[Saved entries]

****

Lemma min_in_bits nu p j j' c : (forall i, (i < p)%nat -> Nat.testbit j i = Nat.testbit j' i) ->
  min_in nu p j c = min_in nu p j' c.
Proof.
  induction p as [|p IH]; intros H; simpl; auto.
  rewrite (H p) by lia. rewrite IH by (intros; apply H; lia). auto.
Qed.

Lemma max_out_bits nu p j j' : (forall i, (i < p)%nat -> Nat.testbit j i = Nat.testbit j' i) ->
  max_out nu p j = max_out nu p j'.
Proof.
  induction p as [|p IH]; intros H; simpl; auto.
  rewrite (H p) by lia. rewrite IH by (intros; apply H; lia). auto.
Qed.

Lemma min_in_Rmin nu p j a c : Rmin a (min_in nu p j c) = min_in nu p j (Rmin a c).
Proof.
  induction p as [|p IH]; simpl; auto. destruct (Nat.testbit j p); auto.
  rewrite <- IH, !Rmin_assoc, (Rmin_comm a (nu p)). auto.
Qed.

Lemma slab_low c nu p j : (j < 2 ^ p)%nat ->
  min_in nu (S p) j c = min_in nu p j c /\ max_out nu (S p) j = Rmax (nu p) (max_out nu p j).
Proof. intros Hj. simpl. rewrite (bit_above j p p) by auto. auto. Qed.

Lemma slab_high c nu p j : (j < 2 ^ p)%nat ->
  slab c nu (S p) (j + 2 ^ p) = slab (Rmin (nu p) c) nu p j.
Proof.
  intros Hj. unfold slab. simpl. rewrite bit_add_top by auto.
  rewrite (min_in_bits nu p (j + 2 ^ p) j), (max_out_bits nu p (j + 2 ^ p) j), min_in_Rmin;
    auto; intros; apply bit_add_low; auto.
Qed.

Lemma Rmax_Rmin_split A B v :
  Rmax 0 (A - Rmax v B) + Rmax 0 (Rmin v A - B) = Rmax 0 (A - B).
Proof.
  unfold Rmax, Rmin. destruct (Rle_dec v B), (Rle_dec v A);
  repeat match goal with |- context [Rle_dec ?a ?b] => destruct (Rle_dec a b) end; lra.
Qed.

Lemma slab_split c nu p j : (j < 2 ^ p)%nat ->
  slab c nu (S p) j + slab c nu (S p) (j + 2 ^ p) = slab c nu p j.
Proof.
  intros Hj. rewrite slab_high by auto. destruct (slab_low c nu p j Hj) as [E1 E2].
  unfold slab. rewrite E1, E2, <- min_in_Rmin. apply Rmax_Rmin_split.
Qed.

Lemma slab_total nu p c : 0 <= c -> rsum (2 ^ p) (fun j => slab c nu p j) = c.
Proof.
  revert c; induction p as [|p IH]; intros c Hc.
  - simpl. unfold slab, Rmax. simpl. destruct (Rle_dec 0 (c - 0)); lra.
  - rewrite rsum_pow2, <- rsum_plus. transitivity (rsum (2 ^ p) (fun j => slab c nu p j));
      [|apply IH; auto].
    apply rsum_ext. intros. apply slab_split; auto.
Qed.

Lemma slab_cake nu p v c : (v < p)%nat -> 0 <= c -> 0 <= nu v ->
  rsum (2 ^ p) (fun j => if Nat.testbit j v then slab c nu p j else 0) = Rmin (nu v) c.
Proof.
  intros Hv Hc Hnu. induction p as [|p IH]; [lia|].
  rewrite rsum_pow2. destruct (Nat.eq_dec v p) as [->|Hvp].
  - rewrite (rsum_zero _ (fun j => if Nat.testbit j p then slab c nu (S p) j else 0))
      by (intros j Hj; rewrite (bit_above j p p); auto).
    rewrite Rplus_0_l.
    transitivity (rsum (2 ^ p) (fun j => slab (Rmin (nu p) c) nu p j));
      [|apply slab_total, Rmin_glb; auto].
    apply rsum_ext. intros j Hj. rewrite bit_add_top, slab_high; auto.
  - rewrite <- IH, <- rsum_plus by lia. apply rsum_ext. intros j Hj.
    rewrite bit_add_low by (auto; lia).
    destruct (Nat.testbit j v); [apply slab_split; auto | ring].
Qed.

(* For coordinates in [0, 1] the cap 1 is inactive. *)
Lemma layer_cake nu q v : (v < q)%nat -> 0 <= nu v <= 1 ->
  rsum (2 ^ q) (fun j => if Nat.testbit j v then layer nu q j else 0) = nu v.
Proof.
  intros. unfold layer. rewrite slab_cake by (auto; lra).
  unfold Rmin. destruct (Rle_dec (nu v) 1); lra.
Qed.

Lemma min_in_le nu p j c a : (a < p)%nat -> Nat.testbit j a = true -> min_in nu p j c <= nu a.
Proof.
  induction p as [|p IH]; intros Ha Hb; [lia|]. simpl. destruct (Nat.eq_dec a p) as [->|Hap].
  - rewrite Hb. apply Rmin_l.
  - destruct (Nat.testbit j p); [eapply Rle_trans; [apply Rmin_r|]|]; apply IH; auto; lia.
Qed.

Lemma max_out_ge nu p j b : (b < p)%nat -> Nat.testbit j b = false -> nu b <= max_out nu p j.
Proof.
  induction p as [|p IH]; intros Hb Hbit; [lia|]. simpl. destruct (Nat.eq_dec b p) as [->|Hbp].
  - rewrite Hbit. apply Rmax_l.
  - destruct (Nat.testbit j p); [|eapply Rle_trans; [|apply Rmax_r]]; apply IH; auto; lia.
Qed.

Lemma max_out_nonneg nu p j : 0 <= max_out nu p j.
Proof.
  induction p as [|p IH]; simpl; [lra|].
  destruct (Nat.testbit j p); [auto|eapply Rle_trans; [apply IH|apply Rmax_r]].
Qed.

Lemma min_in_le_cap nu p j c : min_in nu p j c <= c.
Proof.
  induction p as [|p IH]; simpl; [lra|].
  destruct (Nat.testbit j p); [eapply Rle_trans; [apply Rmin_r|]|]; auto.
Qed.

Lemma layer_range nu q j : 0 <= layer nu q j <= 1.
Proof.
  unfold layer, slab. pose proof (min_in_le_cap nu q j 1). pose proof (max_out_nonneg nu q j).
  unfold Rmax. destruct (Rle_dec 0 _); lra.
Qed.

Lemma layer_pos_sep nu q j a b : 0 < layer nu q j -> (a < q)%nat -> (b < q)%nat ->
  Nat.testbit j a = true -> Nat.testbit j b = false -> nu b < nu a.
Proof.
  intros Hpos Ha Hb Hja Hjb. unfold layer, slab in Hpos.
  pose proof (min_in_le nu q j 1 a Ha Hja). pose proof (max_out_ge nu q j b Hb Hjb).
  unfold Rmax in Hpos. destruct (Rle_dec 0 _); lra.
Qed.

Lemma layer_pos_bit nu q j a : 0 < layer nu q j -> (a < q)%nat -> Nat.testbit j a = true ->
  0 < nu a.
Proof.
  intros Hpos Ha Hja. unfold layer, slab in Hpos.
  pose proof (min_in_le nu q j 1 a Ha Hja). pose proof (max_out_nonneg nu q j).
  unfold Rmax in Hpos. destruct (Rle_dec 0 _); lra.
Qed.

Lemma Rmin_lip a b a' b' : Rabs (Rmin a b - Rmin a' b') <= Rabs (a - a') + Rabs (b - b').
Proof.
  unfold Rmin. destruct (Rle_dec a b), (Rle_dec a' b');
  repeat match goal with |- context [Rabs ?x] =>
    destruct (Rcase_abs x); [rewrite (Rabs_left x) by auto | rewrite (Rabs_right x) by auto]
  end; lra.
Qed.

Lemma Rmax_lip a b a' b' : Rabs (Rmax a b - Rmax a' b') <= Rabs (a - a') + Rabs (b - b').
Proof.
  unfold Rmax. destruct (Rle_dec a b), (Rle_dec a' b');
  repeat match goal with |- context [Rabs ?x] =>
    destruct (Rcase_abs x); [rewrite (Rabs_left x) by auto | rewrite (Rabs_right x) by auto]
  end; lra.
Qed.

Lemma min_in_lip nu nu' p j c :
  Rabs (min_in nu p j c - min_in nu' p j c) <= rsum p (fun i => Rabs (nu i - nu' i)).
Proof.
  induction p as [|p IH]; simpl; [rewrite Rminus_diag, Rabs_R0; lra|].
  pose proof (Rabs_pos (nu p - nu' p)).
  destruct (Nat.testbit j p); [eapply Rle_trans; [apply Rmin_lip|]|]; lra.
Qed.

Lemma max_out_lip nu nu' p j :
  Rabs (max_out nu p j - max_out nu' p j) <= rsum p (fun i => Rabs (nu i - nu' i)).
Proof.
  induction p as [|p IH]; simpl; [rewrite Rminus_diag, Rabs_R0; lra|].
  pose proof (Rabs_pos (nu p - nu' p)).
  destruct (Nat.testbit j p); [|eapply Rle_trans; [apply Rmax_lip|]]; lra.
Qed.

Lemma layer_lip nu nu' q j :
  Rabs (layer nu q j - layer nu' q j) <= 2 * rsum q (fun i => Rabs (nu i - nu' i)).
Proof.
  unfold layer, slab. eapply Rle_trans; [apply Rmax_lip|].
  rewrite Rminus_diag, Rabs_R0.
  pose proof (min_in_lip nu nu' q j 1). pose proof (max_out_lip nu nu' q j).
  pose proof (Rabs_triang (min_in nu q j 1 - min_in nu' q j 1)
                          (- (max_out nu q j - max_out nu' q j))).
  rewrite Rabs_Ropp in *.
  replace (min_in nu q j 1 - max_out nu q j - (min_in nu' q j 1 - max_out nu' q j)) with
    ((min_in nu q j 1 - min_in nu' q j 1) + - (max_out nu q j - max_out nu' q j)) by ring.
  lra.
Qed.

Lemma card_bits_incl p j j' :
  (forall i, (i < p)%nat -> Nat.testbit j i = true -> Nat.testbit j' i = true) ->
  card_bits p j = card_bits p j' -> forall i, (i < p)%nat -> Nat.testbit j i = Nat.testbit j' i.
Proof.
  induction p as [|p IH]; intros Hsub Hcard i Hi; [lia|].
  assert (Hle : forall r, (r <= p)%nat -> (card_bits r j <= card_bits r j')%nat).
  { induction r as [|r IHr]; intros Hr; simpl; auto. specialize (IHr ltac:(lia)).
    destruct (Nat.testbit j r) eqn:E; [rewrite (Hsub r) by (auto; lia)|destruct (Nat.testbit j' r)];
      lia. }
  specialize (Hle p (le_n p)). simpl in Hcard.
  destruct (Nat.eq_dec i p) as [->|Hip].
  - destruct (Nat.testbit j p) eqn:E1, (Nat.testbit j' p) eqn:E2; auto; [|lia].
    rewrite (Hsub p) in E2; auto; congruence.
  - apply IH; [intros; apply Hsub; auto; lia | | lia].
    destruct (Nat.testbit j p) eqn:E1, (Nat.testbit j' p) eqn:E2; try lia.
    rewrite (Hsub p) in E2; auto; congruence.
Qed.

Lemma bits_differ q j j' : (j < 2 ^ q)%nat -> (j' < 2 ^ q)%nat -> j <> j' ->
  exists i, (i < q)%nat /\ Nat.testbit j i <> Nat.testbit j' i.
Proof.
  intros Hj Hj' Hne. apply NNPP. intros Hn. apply Hne, Nat.bits_inj. intros i.
  destruct (lt_dec i q) as [Hi|Hi].
  - apply NNPP. eauto.
  - rewrite !(bit_above _ q) by (auto; lia). auto.
Qed.

(* The subsets of positive weight form a chain, so distinct ones have
   distinct sizes. *)
Lemma layer_chain nu q j j' : (j < 2 ^ q)%nat -> (j' < 2 ^ q)%nat -> j <> j' ->
  card_bits q j = card_bits q j' -> 0 < layer nu q j -> 0 < layer nu q j' -> False.
Proof.
  intros Hj Hj' Hne Hcard Hpos Hpos'.
  destruct (bits_differ q j j' Hj Hj' Hne) as [i0 [Hi0 Hd]].
  assert (Ha : exists a, (a < q)%nat /\ Nat.testbit j a = true /\ Nat.testbit j' a = false).
  { apply NNPP. intros Hn. apply Hd, (card_bits_incl q j j'); auto.
    intros i Hi Hb. destruct (Nat.testbit j' i) eqn:E; eauto. exfalso; eauto. }
  assert (Hb : exists b, (b < q)%nat /\ Nat.testbit j' b = true /\ Nat.testbit j b = false).
  { apply NNPP. intros Hn. apply Hd. symmetry. apply (card_bits_incl q j' j); auto.
    intros i Hi Hb. destruct (Nat.testbit j i) eqn:E; eauto. exfalso; eauto. }
  destruct Ha as [a [Ha [Ha1 Ha2]]], Hb as [b [Hb [Hb1 Hb2]]].
  pose proof (layer_pos_sep nu q j a b Hpos Ha Hb Ha1 Hb2).
  pose proof (layer_pos_sep nu q j' b a Hpos' Hb Ha Hb1 Ha2). lra.
Qed.

Lemma card_bits_le p j (ind : nat -> R) :
  (forall a, (a < p)%nat -> Nat.testbit j a = true -> ind a = 1) -> (forall a, 0 <= ind a) ->
  INR (card_bits p j) <= rsum p ind.
Proof.
  induction p as [|p IH]; intros Hbits Hnn; simpl; [lra|]. rewrite plus_INR.
  specialize (IH (fun a Ha => Hbits a ltac:(lia)) Hnn).
  destruct (Nat.testbit j p) eqn:E; [rewrite (Hbits p) by auto|pose proof (Hnn p)]; simpl; lra.
Qed.

Lemma card_bits_zero p j : card_bits p j = 0%nat -> forall i, (i < p)%nat -> Nat.testbit j i = false.
Proof.
  induction p as [|p IH]; intros H i Hi; [lia|]. simpl in H.
  destruct (Nat.testbit j p) eqn:E; [simpl in H; lia|].
  destruct (Nat.eq_dec i p) as [->|]; auto. apply IH; auto; lia.
Qed.

(** * Barycentric coordinates on a simplicial complex *)

Definition vertex_list (N : nat) (K : list (list pt)) (V : list pt) : Prop :=
  is_complex N K /\ NoDup V /\ (forall s v, In s K -> In v s -> In v V) /\
  (forall v, In v V -> in_RN N v).

Lemma vertex_list_exists N K : is_complex N K -> exists V, vertex_list N K V.
Proof.
  intros HK. set (dec := fun u v : pt => excluded_middle_informative (u = v)).
  exists (nodup dec (concat K)). split; [auto|split; [|split]].
  - apply NoDup_nodup.
  - intros s v Hs Hv. apply nodup_In, in_concat. eauto.
  - intros v Hv. apply nodup_In, in_concat in Hv. destruct Hv as [s [Hs Hvs]].
    apply (proj1 HK s Hs); auto.
Qed.

Definition conv_weights (s : list pt) (w : nat -> R) (x : pt) : Prop :=
  (forall i, (i < length s)%nat -> 0 <= w i) /\ rsum (length s) w = 1 /\
  forall j, x j = rsum (length s) (fun i => w i * nth i s zero_pt j).

Lemma aff_indep_nodup s : aff_indep s -> NoDup s.
Proof.
  intros H. apply (NoDup_nth s zero_pt). intros i j Hi Hj Heq.
  destruct (Nat.eq_dec i j) as [|Hij]; auto. exfalso.
  set (d := fun k m => if Nat.eq_dec m k then 1 else 0).
  assert (Hc : d i i - d j i = 0).
  { apply (H (fun m => d i m - d j m)); auto.
    - rewrite rsum_minus. unfold d. rewrite !rsum_delta; auto. ring.
    - intros l. rewrite (rsum_ext _ _ (fun m => (if Nat.eq_dec m i then nth i s zero_pt l else 0)
                                       - (if Nat.eq_dec m j then nth j s zero_pt l else 0))).
      + rewrite rsum_minus, !rsum_delta, Heq; auto. ring.
      + intros m _. unfold d. destruct (Nat.eq_dec m i), (Nat.eq_dec m j); subst; ring. }
  unfold d in Hc. destruct (Nat.eq_dec i i), (Nat.eq_dec i j); try congruence. lra.
Qed.

Definition ind_eq (u v : pt) : R := if excluded_middle_informative (u = v) then 1 else 0.

Lemma ind_eq_sym u v : ind_eq u v = ind_eq v u.
Proof.
  unfold ind_eq. destruct (excluded_middle_informative (u = v)),
    (excluded_middle_informative (v = u)); congruence.
Qed.

Lemma ind_eq_nonneg u v : 0 <= ind_eq u v.
Proof. unfold ind_eq; destruct (excluded_middle_informative _); lra. Qed.

Lemma ind_eq_nonzero u v : ind_eq u v <> 0 -> u = v.
Proof. unfold ind_eq; destruct (excluded_middle_informative _); auto; lra. Qed.

Lemma sum_ind_eq (L : list pt) p0 F : NoDup L -> (p0 < length L)%nat ->
  rsum (length L) (fun p => ind_eq (nth p L zero_pt) (nth p0 L zero_pt) * F p) = F p0.
Proof.
  intros HL Hp0. rewrite (rsum_single _ _ p0 Hp0).
  - unfold ind_eq. destruct (excluded_middle_informative _); [ring|congruence].
  - intros p Hp Hne. unfold ind_eq. destruct (excluded_middle_informative _) as [E|]; [|ring].
    exfalso. apply Hne, (proj1 (NoDup_nth L zero_pt) HL); auto.
Qed.

(* Weights indexed by the positions in a simplex s, moved to the positions in
   V, and back. *)
Definition spread (V s : list pt) (w : nat -> R) (i : nat) : R :=
  rsum (length s) (fun p => ind_eq (nth p s zero_pt) (nth i V zero_pt) * w p).
Definition restrict (V s : list pt) (c : nat -> R) (p : nat) : R :=
  rsum (length V) (fun i => ind_eq (nth i V zero_pt) (nth p s zero_pt) * c i).

Definition supported (V : list pt) (c : nat -> R) (s : list pt) : Prop :=
  forall i, (i < length V)%nat -> c i <> 0 -> In (nth i V zero_pt) s.

Lemma sum_spread V s w (G : pt -> R) : NoDup V ->
  (forall p, (p < length s)%nat -> In (nth p s zero_pt) V) ->
  rsum (length V) (fun i => spread V s w i * G (nth i V zero_pt))
  = rsum (length s) (fun p => w p * G (nth p s zero_pt)).
Proof.
  intros HV Hs. unfold spread.
  rewrite (rsum_ext _ _ (fun i => rsum (length s)
    (fun p => w p * (ind_eq (nth i V zero_pt) (nth p s zero_pt) * G (nth i V zero_pt))))).
  - rewrite rsum_swap. apply rsum_ext. intros p Hp. rewrite rsum_scal. f_equal.
    destruct (In_nth V (nth p s zero_pt) zero_pt (Hs p Hp)) as [i0 [Hi0 <-]].
    apply (sum_ind_eq V i0 (fun i => G (nth i V zero_pt))); auto.
  - intros. rewrite <- rsum_scalr. apply rsum_ext; intros. rewrite ind_eq_sym. ring.
Qed.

****

Output, exactly and in full, the lines from the start of the entries above through the line that contains "intros Hj. rewrite".

Lemma min_in_bits nu p j j' c : (forall i, (i < p)%nat -> Nat.testbit j i = Nat.testbit j' i) ->
  min_in nu p j c = min_in nu p j' c.
Proof.
  induction p as [|p IH]; intros H; simpl; auto.
  rewrite (H p) by lia. rewrite IH by (intros; apply H; lia). auto.
Qed.

Lemma max_out_bits nu p j j' : (forall i, (i < p)%nat -> Nat.testbit j i = Nat.testbit j' i) ->
  max_out nu p j = max_out nu p j'.
Proof.
  induction p as [|p IH]; intros H; simpl; auto.
  rewrite (H p) by lia. rewrite IH by (intros; apply H; lia). auto.
Qed.

Lemma min_in_Rmin nu p j a c : Rmin a (min_in nu p j c) = min_in nu p j (Rmin a c).
Proof.
  induction p as [|p IH]; simpl; auto. destruct (Nat.testbit j p); auto.
  rewrite <- IH, !Rmin_assoc, (Rmin_comm a (nu p)). auto.
Qed.

Lemma slab_low c nu p j : (j < 2 ^ p)%nat ->
  min_in nu (S p) j c = min_in nu p j c /\ max_out nu (S p) j = Rmax (nu p) (max_out nu p j).
Proof. intros Hj. simpl. rewrite (bit_above j p p) by auto. auto. Qed.

Lemma slab_high c nu p j : (j < 2 ^ p)%nat ->
  slab c nu (S p) (j + 2 ^ p) = slab (Rmin (nu p) c) nu p j.
Proof.
  intros Hj. unfold slab. simpl. rewrite bit_add_top by auto.
  rewrite (min_in_bits nu p (j + 2 ^ p) j), (max_out_bits nu p (j + 2 ^ p) j), min_in_Rmin;
    auto; intros; apply bit_add_low; auto.
Qed.

Lemma Rmax_Rmin_split A B v :
  Rmax 0 (A - Rmax v B) + Rmax 0 (Rmin v A - B) = Rmax 0 (A - B).
Proof.
  unfold Rmax, Rmin. destruct (Rle_dec v B), (Rle_dec v A);
  repeat match goal with |- context [Rle_dec ?a ?b] => destruct (Rle_dec a b) end; lra.
Qed.

Lemma slab_split c nu p j : (j < 2 ^ p)%nat ->
  slab c nu (S p) j + slab c nu (S p) (j + 2 ^ p) = slab c nu p j.
Proof.
  intros Hj. rewrite slab_high by auto. destruct (slab_low c nu p j Hj) as [E1 E2].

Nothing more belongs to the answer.